(* Let $\rho$ be a density operator with purity $\wp=\operatorname{tr}(\rho^2)$ and $O$ a traceless Hermitian operator on $\mathcal H$, and let $V_\triangle(O)=\max_\rho V_\triangle(O,\rho)$. Then $$V_\triangle(O,\rho)\le\frac{2(d+1)}{d(d+2)}\sqrt{2^{-\tilde M_2(\rho)}d\wp\|\Xi_O\|_4^4},\qquad V_\triangle(O,\rho)\le\frac{2(d+1)}{d+2}\|\Xi_{\mathring\rho}\|_\infty^2\|O\|_2^2,$$ $$V_\triangle(O)\le\frac{2(d+1)}{d(d+2)}\|\Xi_O^2\|_{[d]}\le\frac{2(d+1)}{d+2}\|O\|_2^2.$$ If moreover $O=|\phi\rangle\langle\phi|-\mathbb 1/d$ for a pure state $|\phi\rangle$, then $V_\triangle(O)<\frac{2^{1-M_2(\phi)/2}(d+1)}{d+2}$ and $$2^{1-M_2(\phi)}-\frac5d<V_\triangle(O,\phi)=\frac{[2^{1-M_2(\phi)}d^2-3d+1](d+1)}{d^2(d+2)}<2^{1-M_2(\phi)}-\frac2d.$$
   Context: $n\ge1$, $d=2^n$, $\mathcal H=(\mathbb C^2)^{\otimes n}$. Let $\overline{\mathcal P}_n=\{I,X,Y,Z\}^{\otimes n}$. For operators $A,B$ define functions on $\overline{\mathcal P}_n$ regarded as vectors in $\mathbb R^{d^2}$ (with $\ell_p$ norms and standard inner product): $\Xi_A(P)=\operatorname{tr}(AP)$, $\Xi_{A,B}(P)=\operatorname{tr}(AP)\operatorname{tr}(BP)$, $\tilde\Xi_{A,B}(P)=\operatorname{tr}(APBP)$. $V_\triangle(O,\rho)=\frac{d+1}{d(d+2)}\bigl(\|\Xi_{\rho,O}\|_2^2+\tilde\Xi_{\rho,O}\cdot\Xi_{\rho,O}\bigr)$; $V_\triangle(O,\phi)=V_\triangle(O,|\phi\rangle\langle\phi|)$. $\mathring\rho=\rho-\mathbb 1/d$. $\|\Xi_O^2\|_{[d]}$ is the sum of the $d$ largest values of $\Xi_O(P)^2$. $\tilde M_2(\rho)=-\log_2\frac{\|\Xi_\rho\|_4^4}{d\operatorname{tr}(\rho^2)}$, and for a pure state $M_2(\phi)=\tilde M_2(|\phi\rangle\langle\phi|)$. $\|O\|_2$ is the Hilbert–Schmidt norm. *)

From HB Require Import structures.
From mathcomp Require Import all_boot all_order all_algebra.
From mathcomp Require Import all_classical all_reals all_analysis.
From mathcomp Require Import complex.
Set Implicit Arguments. Unset Strict Implicit. Unset Printing Implicit Defensive.
Import Order.TTheory GRing.Theory Num.Theory.
Local Open Scope ring_scope.
Local Open Scope classical_set_scope.

Section QDefs.
Variable R : realType.
Local Notation C := (R[i]).

(* n-qubit Pauli strings P in {I,X,Y,Z}^{(x) n}: a label in 'I_4 per qubit,
   0 = I, 1 = X, 2 = Y, 3 = Z. *)
Definition pauli_label (n : nat) := {ffun 'I_n -> 'I_4}.

(* single-qubit Pauli matrix entries, computational basis |0>,|1> = false,true *)
Definition pauli1 (a : 'I_4) (b c : bool) : C :=
  match nat_of_ord a with
  | 0%N => if b == c then 1 else 0
  | 1%N => if b == c then 0 else 1
  | 2%N => if b == c then 0 else (if b then 'i else - 'i)
  | _ => if b == c then (if b then -1 else 1) else 0
  end.

Definition qbit (k i : nat) : bool := odd (i %/ 2 ^ k).

(* The Pauli operator P = sigma_{P 0} (x) ... (x) sigma_{P (n-1)} on (C^2)^{(x) n},
   written entrywise (Kronecker product in the computational basis). *)
Definition pauli (n : nat) (P : pauli_label n) : 'M[C]_(2 ^ n) :=
  \matrix_(i, j) \prod_(k < n) pauli1 (P k) (qbit k i) (qbit k j).
Theorem mainTheorem4 (R : realType) (V : finType) (e : rel V) (green : pred V)
  (r : R) :
  symmetric e -> irreflexive e ->
  (0 < #|V|)%N ->
  (forall x y, connect e x y) ->
  (exists k : nat, forall x, deg e x = k) ->
  (forall x y, e x y -> green x != green y) ->
  #|[pred x | green x]| = #|[pred x | ~~ green x]| ->
  0 < r ->
  [/\ r != 1 -> forall s : R, 0 <= s -> s < Num.min 1 r ->
        rho_seq e green r s @ \oo -->
          (r * (r - 1) / ((r ^+ 2 - s ^+ 2) *
             (1 - ((1 - s ^+ 2) / (r ^+ 2 - s ^+ 2)) ^+ (#|V| %/ 2)%N)) : R),
      1 < r -> forall s1 s2 : R, 0 <= s1 -> s1 <= s2 -> s2 < Num.min 1 r ->
        rho_A e green r s1 <= rho_A e green r s2,
      r < 1 -> forall s1 s2 : R, 0 <= s1 -> s1 <= s2 -> s2 < Num.min 1 r ->
        rho_A e green r s2 <= rho_A e green r s1
    & r = 1 -> forall s : R, 0 <= s -> s < 1 ->
        rho_seq e green r s @ \oo --> ((#|V|%:R)^-1 : R)].
Proof.
move=> esymm _ V_gt0 econn [k regular] proper balanced _; split.
- move=> r1 s s0 smin; rewrite (half_card_V balanced).
  exact (rho_seq_cvg_closed_form esymm econn V_gt0 regular proper balanced r1 s0 smin).
- move=> r1 s1 s2 s1_ge0 s12 s2min.
  exact (rho_A_increasing esymm econn V_gt0 regular proper balanced r1 s1_ge0 s12 s2min).
- move=> r1 s1 s2 s1_ge0 s12 s2min.
  exact (rho_A_decreasing esymm econn V_gt0 regular proper balanced r1 s1_ge0 s12 s2min).
- move=> -> s s0 s1.
  exact (rho_seq_cvg_neutral esymm econn V_gt0 regular balanced s0 s1).
Qed.
(* Let $\mathbb{F}$ be a field and let $n>4$ be an integer. Then for each $p\in\{2,\ldots,n-3\}$ and each non-negative integer $q\le p$ there exists a unital $\mathbb{F}$-algebra $\mathcal{A}$ with $\dim\mathcal{A}=n$ and $l(\mathcal{A})=2^{p}+2^{q}$.
   Context: All algebras are finite-dimensional, unital, not necessarily associative algebras over the field $\mathbb{F}$. For a finite generating set $S$ of an algebra $\mathcal{A}$, a word in $S$ is any product (with any bracketing) of finitely many elements of $S$; its length is the number of factors, and $1$ is a word of length $0$. $L_i(S)$ is the linear span of all words in $S$ of length at most $i$. The length of $S$ is $l(S)=\min\{k\ge0: L_k(S)=\mathcal{A}\}$, and $l(\mathcal{A})=\max\{l(S): S\text{ a finite generating set of }\mathcal{A}\}$. *)

From HB Require Import structures.
From mathcomp Require Import all_boot all_order all_algebra.
Set Implicit Arguments. Unset Strict Implicit. Unset Printing Implicit Defensive.
Import GRing.Theory.
Local Open Scope ring_scope.

(* A (not necessarily associative) n-dimensional F-algebra is modelled on the
   coordinate space 'rV[F]_n with a multiplication map [mul] and an element [one]. *)
Section NAAlg.
Variables (F : fieldType) (n : nat).
Local Notation V := 'rV[F]_n.

Definition bilinear_mul (mul : V -> V -> V) : Prop :=
  (forall (a : F) (x y z : V), mul (a *: x + y) z = a *: mul x z + mul y z) /\
  (forall (a : F) (x y z : V), mul z (a *: x + y) = a *: mul z x + mul z y).

Definition is_unit_elt (mul : V -> V -> V) (one : V) : Prop :=
  forall x : V, mul one x = x /\ mul x one = x.

Inductive is_word (mul : V -> V -> V) (one : V) (S : seq V) : nat -> V -> Prop :=
  | word_one : is_word mul one S 0 one
  | word_gen (s : V) : s \in S -> is_word mul one S 1 s
  | word_mul (k1 k2 : nat) (x y : V) :
      (0 < k1)%N -> (0 < k2)%N ->
      is_word mul one S k1 x -> is_word mul one S k2 y ->
      is_word mul one S (k1 + k2) (mul x y).

Definition in_L (mul : V -> V -> V) (one : V) (S : seq V) (i : nat) (v : V) : Prop :=
  exists ws : seq V,
    (forall w, w \in ws -> exists k, (k <= i)%N /\ is_word mul one S k w) /\
    v \in <<ws>>%VS.

Definition L_full mul one S i : Prop := forall v : V, in_L mul one S i v.

Definition generating mul one S : Prop := exists i, L_full mul one S i.

Definition set_length mul one S (m : nat) : Prop :=
  L_full mul one S m /\ forall k, (k < m)%N -> ~ L_full mul one S k.

Definition alg_length mul one (m : nat) : Prop :=
  (exists S : seq V, generating mul one S /\ set_length mul one S m) /\
  (forall (S : seq V) (m' : nat), generating mul one S ->
      set_length mul one S m' -> (m' <= m)%N).
End NAAlg.

(* The example is the unitization of the product on span(e_1, ..., e_(n-1))
   with e_i e_i = e_(i+1) for 1 <= i <= p and e_(p+1) e_(q+1) = e_(p+2).
   Giving e_i the weight 2^(i-1) for i <= p+1, e_(p+2) the weight 2^p + 2^q and
   the remaining basis vectors the weight 1, words of length k in
   S0 = {e_1, e_(p+3), ..., e_(n-1)} are homogeneous of weight k, so S0 has
   length 2^p + 2^q.  Conversely all products lie in F 1 + M with
   M = span(e_2, ..., e_(p+2)), so a generating set S spans the algebra modulo
   F 1 + M and some x in F 1 + <S> is e_1 modulo M.  The j-th iterated square
   x_j of x (in L_(2^j)(S)) is e_(j+1) modulo higher basis vectors of M, and
   x_p x_q = e_(p+2); this triangular family puts M, and with it the whole
   algebra, in L_(2^p + 2^q)(S). *)

From HB Require Import structures.
From mathcomp Require Import all_boot all_order all_algebra.
From mathcomp Require Import ring zify.
Set Implicit Arguments. Unset Strict Implicit. Unset Printing Implicit Defensive.
Import GRing.Theory.
Local Open Scope ring_scope.

Section Words.
Variables (F : fieldType) (n : nat).
Local Notation V := 'rV[F]_n.

Lemma span_ind (P : V -> Prop) (ws : seq V) :
  P 0 -> (forall a x y, P x -> P y -> P (a *: x + y)) ->
  (forall w, w \in ws -> P w) -> forall v, v \in <<ws>>%VS -> P v.
Proof.
move=> P0 Plin Pws v v_ws; rewrite (coord_span (X := in_tuple ws) v_ws).
apply: (big_ind P) => //.
  by move=> x y Px Py; rewrite -[x]scale1r; apply: Plin.
move=> i _; rewrite -[_ *: _]addr0; apply: Plin => //.
by apply: Pws; apply: mem_nth.
Qed.

Variables (mul : V -> V -> V) (one : V).

Fixpoint sqpow (x : V) (j : nat) : V :=
  if j is j'.+1 then mul (sqpow x j') (sqpow x j') else x.

Section FixedSet.
Variable S : seq V.

Lemma in_L0 i : in_L mul one S i 0.
Proof. by exists [::]; split => //; exact: mem0v. Qed.

Lemma in_L_lin i a x y : in_L mul one S i x -> in_L mul one S i y ->
  in_L mul one S i (a *: x + y).
Proof.
move=> [wx [Hwx x_wx]] [wy [Hwy y_wy]]; exists (wx ++ wy); split.
  by move=> w; rewrite mem_cat => /orP [] ?; [apply: Hwx | apply: Hwy].
by rewrite span_cat memv_add ?memvZ.
Qed.
(* For every program $C$ and runtimes $f,g\in\mathbb{T}$ with $\mathrm{mod}(C)\cap\mathrm{Vars}(g)=\emptyset$, $$\mathsf{ert}[\![C]\!](f\oplus g)\;\preceq\;\mathsf{ert}[\![C]\!](f)\oplus g .$$
   Context: States and programs. Fix a finite set $\mathrm{Vars}$ of variables; values are $\mathbb{N}$, locations are $\mathbb{N}_{>0}$. A stack is $s\colon \mathrm{Vars}\to\mathbb{N}$; a heap is a partial map $h$ from a finite set $\mathrm{dom}(h)\subseteq\mathbb{N}_{>0}$ to $\mathbb{N}$. $h_1\perp h_2$ means disjoint domains; then $h_1\star h_2$ is their union; $h_\emptyset$ is the empty heap. $\mathsf{States}$ is the set of pairs $(s,h)$. $s(e)$ is the value of a (heap-independent) arithmetic expression $e$ under $s$, $s\models\varphi$ means the Boolean expression $\varphi$ holds under $s$, $s[x\mapsto v]$ is the updated stack. Programs are generated by $C ::= \mathtt{tick}(e) \mid x:=e \mid x:=\mathtt{alloc}(e) \mid \langle e\rangle:=e' \mid x:=\langle e\rangle \mid \mathtt{free}(e) \mid \{C\}[p]\{C\} \mid \mathtt{if}(\varphi)\{C\}\mathtt{else}\{C\} \mid C;C \mid \mathtt{while}(\varphi)\{C\}$, where $p$ is an expression with $s(p)\in[0,1]\cap\mathbb{Q}$ for all $s$. $\mathrm{mod}(C)$ is the set of variables potentially modified by $C$, i.e. the variables $x$ occurring as the target of $x:=e$, $x:=\mathtt{alloc}(e)$ or $x:=\langle e\rangle$ in $C$. For a runtime $g$, $x\notin\mathrm{Vars}(g)$ means $g(s[x\mapsto v],h)=g(s,h)$ for all $(s,h)$ and $v$. Runtimes. $\mathbb{T}$ is the set of functions $\mathsf{States}\to[0,\infty]$, ordered pointwise by $\preceq$; arithmetic is pointwise with $0\cdot\infty=0$. $[\varphi]$ is the $0/1$-valued Iverson bracket. Truncated subtraction: $a\dot- b=\max(a-b,0)$, $\infty\dot- b=\infty$ for finite $b$, $a\dot-\infty=0$. $(f\oplus g)(s,h)=\min\{f(s,h_1)+g(s,h_2)\mid h=h_1\star h_2\}$; $(f \mathbin{-\!\!\ominus} g)(s,h)=\sup\{g(s,h\star h')\dot- f(s,h')\mid h'\perp h\}$; $(\inf y\colon f)(s,h)=\inf_{v\in\mathbb{N}} f(s[y\mapsto v],h)$, $(\sup y\colon f)(s,h)=\sup_{v\in\mathbb{N}}f(s[y\mapsto v],h)$; $f[x/e](s,h)=f(s[x\mapsto s(e)],h)$. $\mathsf{tm}(e)(s,h)=s(e)$ if $h=h_\emptyset$, else $\infty$; $[e\mapsto e'](s,h)=0$ if $\mathrm{dom}(h)=\{s(e)\}$ and $h(s(e))=s(e')$, else $\infty$; $[e\mapsto -](s,h)=0$ if $\mathrm{dom}(h)=\{s(e)\}$, else $\infty$; $\bigoplus_{i=1}^{e} f_i$ is the separating sum over $i=1,\dots,s(e)$ (empty one: $[\mathsf{emp}]$, which is $0$ if $h=h_\emptyset$, else $\infty$). Expected runtime transformer $\mathsf{ert}[\![C]\!]\colon\mathbb{T}\to\mathbb{T}$ (with $v$ fresh): $\mathsf{ert}[\![\mathtt{tick}(e)]\!](f)=\mathsf{tm}(e)\oplus f$; $\mathsf{ert}[\![x:=e]\!](f)=f[x/e]$; $\mathsf{ert}[\![x:=\mathtt{alloc}(e)]\!](f)=\sup v\colon (\bigoplus_{i=1}^{e}[v+i-1\mapsto 0])\mathbin{-\!\!\ominus} f[x/v]$; $\mathsf{ert}[\![\langle e\rangle:=e']\!](f)=[e\mapsto-]\oplus([e\mapsto e']\mathbin{-\!\!\ominus} f)$; $\mathsf{ert}[\![x:=\langle e\rangle]\!](f)=\inf v\colon [e\mapsto v]\oplus([e\mapsto v]\mathbin{-\!\!\ominus} f[x/v])$; $\mathsf{ert}[\![\mathtt{free}(e)]\!](f)=[e\mapsto-]\oplus f$; $\mathsf{ert}[\![C_1;C_2]\!](f)=\mathsf{ert}[\![C_1]\!](\mathsf{ert}[\![C_2]\!](f))$; conditional: $[\varphi]\cdot\mathsf{ert}[\![C_1]\!](f)+[\neg\varphi]\cdot\mathsf{ert}[\![C_2]\!](f)$; probabilistic choice: $p\cdot\mathsf{ert}[\![C_1]\!](f)+(1-p)\cdot\mathsf{ert}[\![C_2]\!](f)$; $\mathsf{ert}[\![\mathtt{while}(\varphi)\{C\}]\!](f)=\mathrm{lfp}\, g.\ [\neg\varphi]\cdot f+[\varphi]\cdot\mathsf{ert}[\![C]\!](g)$ (least fixed point in $(\mathbb{T},\preceq)$). *)

From HB Require Import structures.
From mathcomp Require Import all_boot all_order all_algebra.
From mathcomp Require Import finmap.
From mathcomp Require Import all_classical all_reals.
From mathcomp Require Import ereal Rstruct.
Set Implicit Arguments. Unset Strict Implicit. Unset Printing Implicit Defensive.
Import Order.TTheory GRing.Theory Num.Theory.
Local Open Scope classical_set_scope.
Local Open Scope ring_scope.
Local Open Scope ereal_scope.


Notation Real := Rdefinitions.R.

Definition stack (V : finType) := V -> nat.

Definition heap := {h : {fmap nat -> nat} | 0%N \notin domf h}.

Definition state (V : finType) := (stack V * heap)%type.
= = = =
Problem:
Look above for the line with "(forall (a : F) (x y z : V), mul z" and the line with "exists ws : seq"; transcribe both and all lines in between, exactly, and nothing else.

Answer to this exercise:
  (forall (a : F) (x y z : V), mul z (a *: x + y) = a *: mul z x + mul z y).

Definition is_unit_elt (mul : V -> V -> V) (one : V) : Prop :=
  forall x : V, mul one x = x /\ mul x one = x.

Inductive is_word (mul : V -> V -> V) (one : V) (S : seq V) : nat -> V -> Prop :=
  | word_one : is_word mul one S 0 one
  | word_gen (s : V) : s \in S -> is_word mul one S 1 s
  | word_mul (k1 k2 : nat) (x y : V) :
      (0 < k1)%N -> (0 < k2)%N ->
      is_word mul one S k1 x -> is_word mul one S k2 y ->
      is_word mul one S (k1 + k2) (mul x y).

Definition in_L (mul : V -> V -> V) (one : V) (S : seq V) (i : nat) (v : V) : Prop :=
  exists ws : seq V,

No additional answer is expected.